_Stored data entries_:

────────────────────────────────────────

(* Let $(Q,\cdot)$ be a left modular magma with a right unit $e$, and let $(Q,\ast)$ be a right modular magma with a left unit $\hat{e}$. Then $(Q,\cdot,\ast)$ is a double magma, i.e. $(x\cdot y)\ast(z\cdot w)=(x\ast z)\cdot(y\ast w)$ for all $x,y,z,w\in Q$, if and only if there is an involutive automorphism $\alpha$ of $(Q,\ast)$ such that $x\ast y=y\cdot\alpha x$ for all $x,y\in Q$.
   Context: A magma $(Q,\cdot)$ is left modular if $x(yz)=z(yx)$ and right modular if $(xy)z=(zy)x$ for all $x,y,z\in Q$. A right unit is an element $r$ with $xr=x$ for all $x$; a left unit is an element $l$ with $lx=x$ for all $x$. A mapping $\alpha:Q\to Q$ is involutive if $\alpha\circ\alpha$ is the identity map. *)

Definition left_modular {Q : Type} (op : Q -> Q -> Q) : Prop :=
  forall x y z : Q, op x (op y z) = op z (op y x).

Definition right_modular {Q : Type} (op : Q -> Q -> Q) : Prop :=
  forall x y z : Q, op (op x y) z = op (op z y) x.

Definition right_unit {Q : Type} (op : Q -> Q -> Q) (r : Q) : Prop :=
  forall x : Q, op x r = x.

Definition left_unit {Q : Type} (op : Q -> Q -> Q) (l : Q) : Prop :=
  forall x : Q, op l x = x.

Definition involutive_map {Q : Type} (a : Q -> Q) : Prop :=
  forall x : Q, a (a x) = x.

Definition magma_automorphism {Q : Type} (op : Q -> Q -> Q) (a : Q -> Q) : Prop :=
  (forall x y : Q, a (op x y) = op (a x) (a y)) /\
  (forall x y : Q, a x = a y -> x = y) /\
  (forall y : Q, exists x : Q, a x = y).

Definition double_magma {Q : Type} (dot star : Q -> Q -> Q) : Prop :=
  forall x y z w : Q, star (dot x y) (dot z w) = dot (star x z) (star y w).


(* With a right unit [e], left modularity gives [e . (x . y) = y . x], so [x |-> e . x] is an
   involution; dually [(x * y) * ehat = y * x] and [x |-> x * ehat] is an involution.  The
   interchange law at suitable arguments forces [e = ehat] and shows that
   [alpha x := e . (x * e)] is an involutive automorphism of [*] with [x * y = y . alpha x].
   Conversely, [alpha] then also respects [.], and the interchange law reduces to left
   modularity. *)

Section LeftModularWithRightUnit.

Context {Q : Type} {dot : Q -> Q -> Q} {e : Q}.
Hypotheses (Hdot : left_modular dot) (He : right_unit dot e).

Lemma left_modular_unit_swap (x y : Q) : dot x y = dot e (dot y x).
Proof. rewrite <- (Hdot x y e), He. reflexivity. Qed.

Lemma left_modular_unit_involutive (x : Q) : dot e (dot e x) = x.
Proof. rewrite <- left_modular_unit_swap. apply He. Qed.

End LeftModularWithRightUnit.

Section RightModularWithLeftUnit.

Context {Q : Type} {star : Q -> Q -> Q} {u : Q}.
Hypotheses (Hstar : right_modular star) (Hu : left_unit star u).

Lemma right_modular_unit_swap (x y : Q) : star (star x y) u = star y x.
Proof. rewrite <- (Hstar u y x), Hu. reflexivity. Qed.

Lemma right_modular_unit_involutive (x : Q) : star (star x u) u = x.
Proof. rewrite right_modular_unit_swap. apply Hu. Qed.

End RightModularWithLeftUnit.

Section DoubleMagmaUnits.

Context {Q : Type} {dot star : Q -> Q -> Q} {e ehat : Q}.
Hypotheses (Hdot : left_modular dot) (He : right_unit dot e)
  (Hstar : right_modular star) (Hehat : left_unit star ehat)
  (D : double_magma dot star).

Lemma double_magma_left_unit : left_unit star e.
Proof.
  intros w.
  assert (Hw : dot e w = dot e (star e w)).
  { pose proof (D ehat e e w) as H. rewrite He, !Hehat in H. exact H. }
  rewrite <- (left_modular_unit_involutive Hdot He (star e w)), <- Hw.
  apply left_modular_unit_involutive; assumption.
Qed.

Lemma double_magma_units_eq : e = ehat.
Proof.
  rewrite <- (right_modular_unit_involutive Hstar Hehat e).
  rewrite double_magma_left_unit, Hehat. reflexivity.
Qed.

End DoubleMagmaUnits.

Definition unit_twist {Q : Type} (dot star : Q -> Q -> Q) (e x : Q) : Q :=
  dot e (star x e).

Section DoubleMagmaCommonUnit.

Context {Q : Type} {dot star : Q -> Q -> Q} {e : Q}.
Hypotheses (Hdot : left_modular dot) (He : right_unit dot e)
  (Hstar : right_modular star) (Hstar_e : left_unit star e)
  (D : double_magma dot star).

Local Notation unit_twist := (unit_twist dot star e).

Lemma star_dot_unit_l (x y : Q) : star x (dot e y) = dot (star x e) y.
Proof. pose proof (D x e e y) as H. rewrite He, Hstar_e in H. exact H. Qed.

Lemma star_dot_unit_r (x : Q) : star (dot e x) e = dot e (star x e).
Proof. pose proof (D e x e e) as H. rewrite He, Hstar_e in H. exact H. Qed.

Lemma unit_twist_involutive : involutive_map unit_twist.
Proof.
  intros x. unfold unit_twist.
  rewrite star_dot_unit_r, (left_modular_unit_involutive Hdot He).
  apply (right_modular_unit_involutive Hstar Hstar_e).
Qed.

Lemma unit_twist_morph (x y : Q) :
  unit_twist (star x y) = star (unit_twist x) (unit_twist y).
Proof.
  unfold unit_twist.
  rewrite (D e (star x e) e (star y e)), Hstar_e.
  rewrite (right_modular_unit_swap Hstar Hstar_e), (Hstar x e (star y e)).
  rewrite (right_modular_unit_involutive Hstar Hstar_e). reflexivity.
Qed.

Lemma star_dot_unit_twist (x y : Q) : star x y = dot y (unit_twist x).
Proof.
  unfold unit_twist.
  rewrite Hdot, <- star_dot_unit_l, (left_modular_unit_involutive Hdot He).
  reflexivity.
Qed.

End DoubleMagmaCommonUnit.

Lemma involutive_morph_automorphism (Q : Type) (op : Q -> Q -> Q) (a : Q -> Q) :
  involutive_map a -> (forall x y : Q, a (op x y) = op (a x) (a y)) ->
  magma_automorphism op a.
Proof.
  intros Ha Hmorph. split; [exact Hmorph | split].
  - intros x y Hxy. rewrite <- (Ha x), <- (Ha y), Hxy. reflexivity.
  - intros y. exists (a y). apply Ha.
Qed.

Section TwistedDoubleMagma.

Context {Q : Type} {dot star : Q -> Q -> Q} {alpha : Q -> Q}.
Hypotheses (Hdot : left_modular dot) (Hinv : involutive_map alpha)
  (Hmorph : forall x y : Q, alpha (star x y) = star (alpha x) (alpha y))
  (Htwist : forall x y : Q, star x y = dot y (alpha x)).

(* [x . y] is [alpha y * x], and [alpha] respects [*]. *)
Lemma twist_morph_dot (x y : Q) : alpha (dot x y) = dot (alpha x) (alpha y).
Proof.
  pose proof (Htwist (alpha y) x) as Hy. rewrite Hinv in Hy.
  rewrite <- Hy, Hmorph, Hinv, Htwist. reflexivity.
Qed.

Lemma twist_double_magma : double_magma dot star.
Proof.
  intros x y z w. rewrite !Htwist, twist_morph_dot.
  rewrite (Hdot (dot z w)), (Hdot (alpha x) z w), (Hdot (dot z (alpha x)) w (alpha y)).
  reflexivity.
Qed.

End TwistedDoubleMagma.

Theorem theorem5p4 (Q : Type) (dot star : Q -> Q -> Q) (e ehat : Q)
  (Hdot : left_modular dot) (He : right_unit dot e)
  (Hstar : right_modular star) (Hehat : left_unit star ehat) :
  double_magma dot star <->
  exists alpha : Q -> Q,
    magma_automorphism star alpha /\ involutive_map alpha /\
    (forall x y : Q, star x y = dot y (alpha x)).
Proof.
  split.
  - intros D.
    pose proof (double_magma_units_eq Hdot He Hstar Hehat D) as Hunit.
    subst ehat.
    exists (unit_twist dot star e).
    split; [| split].
    + apply involutive_morph_automorphism.
      * exact (unit_twist_involutive Hdot He Hstar Hehat D).
      * exact (unit_twist_morph Hstar Hehat D).
    + exact (unit_twist_involutive Hdot He Hstar Hehat D).
    + exact (star_dot_unit_twist Hdot He Hehat D).
  - intros [alpha [[Hmorph _] [Hinv Htwist]]].
    exact (twist_double_magma Hdot Hinv Hmorph Htwist).
Qed.
Lemma big_sig_cond (R : nmodType) (T : finType) (P Q : pred T) (F : T -> R) :
  \sum_(x : {x | P x} | Q (val x)) F (val x) = \sum_(x | P x && Q x) F x.
Proof. by rewrite (big_sub_cond P). Qed.

Lemma big_sig (R : nmodType) (T : finType) (P : pred T) (F : T -> R) :
  \sum_(x : {x | P x}) F (val x) = \sum_(x | P x) F x.
Proof. by rewrite (big_sub P). Qed.

Definition zext (R : nmodType) (T : Type) (P : pred T) (g : {x | P x} -> R)
    (x : T) : R :=
  if insub x is Some y then g y else 0.

Lemma zextE (R : nmodType) (T : Type) (P : pred T) (g : {x | P x} -> R) y :
  zext g (val y) = g y.
Proof. by rewrite /zext valK. Qed.

Lemma zext_out (R : nmodType) (T : Type) (P : pred T) (g : {x | P x} -> R) x :
  ~~ P x -> zext g x = 0.
Proof. by move=> Px; rewrite /zext insubN. Qed.

Lemma sum_signed_supersets (R : numDomainType) (T : finType) (W : {set T}) :
  W != setT -> \sum_(i : {set T} | W \subset i) (-1) ^+ #|i| = 0 :> R.
Proof.
rewrite eqEsubset subsetT /= => /subsetPn[x _ xW].
pose flip (i : {set T}) := if x \in i then i :\ x else x |: i.
have flipK : involutive flip.
  by move=> i; rewrite /flip; case: (boolP (x \in i)) => xi;
    rewrite ?setD11 ?setD1K ?setU11 ?setU1K.
have sub_flip i : (W \subset flip i) = (W \subset i).
  rewrite /flip; case: (x \in i); first by rewrite subsetD1 xW andbT.
  apply/idP/idP => [/subsetP sWx|/subset_trans-> //]; last exact: subsetUr.
  apply/subsetP => y yW; have := sWx y yW; rewrite in_setU1.
  by case/predU1P => // yx; rewrite -yx yW in xW.
have sign_flip i : (-1) ^+ #|flip i| = - (-1) ^+ #|i| :> R.
  rewrite /flip; case: (boolP (x \in i)) => xi; last by rewrite cardsU1 xi exprS mulN1r.
  by rewrite [in RHS](cardsD1 x i) xi exprS mulN1r opprK.
set S := (X in X = 0).
have SN : S = - S.
  rewrite {1}/S (reindex_inj (inv_inj flipK)) /= -sumrN.
  by apply: eq_big => i; [rewrite sub_flip | rewrite sign_flip].
have : S *+ 2 == 0 by rewrite mulr2n {1}SN addNr.
by rewrite mulrn_eq0 => /eqP.
Qed.

Definition independent_rows (R : nzRingType) (S T : finType) (M : S -> T -> R) :=
  forall u : S -> R, (forall t, \sum_s u s * M s t = 0) -> forall s, u s = 0.

Lemma dof_independent_rows (R : realType) (S T : finType) (M : S -> T -> R) :
  independent_rows M -> dof M = (#|T| - #|S|)%N.
Proof.
move=> indepM; rewrite /dof.
suff /eqP -> : row_free (mx_of M) by [].
apply: inj_row_free => v vM0; apply/rowP => i; rewrite mxE.
pose u s := v 0 (enum_rank s).
suff /(_ (enum_val i)) : forall s, u s = 0 by rewrite /u enum_valK.
apply: indepM => t; have /rowP/(_ (enum_rank t)) := vM0; rewrite !mxE => vMt.
rewrite -[RHS]vMt (reindex enum_rank) /=; last exact/onW_bij/enum_rank_bij.
by apply: eq_bigr => s _; rewrite mxE !enum_rankK.
Qed.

────────────────────────────────────────

_ACTIVITY_:
Your reply should be a single number: how many lines in the entries above hold the string "TwistedDoubleMagma".

_THE ANSWER_:
2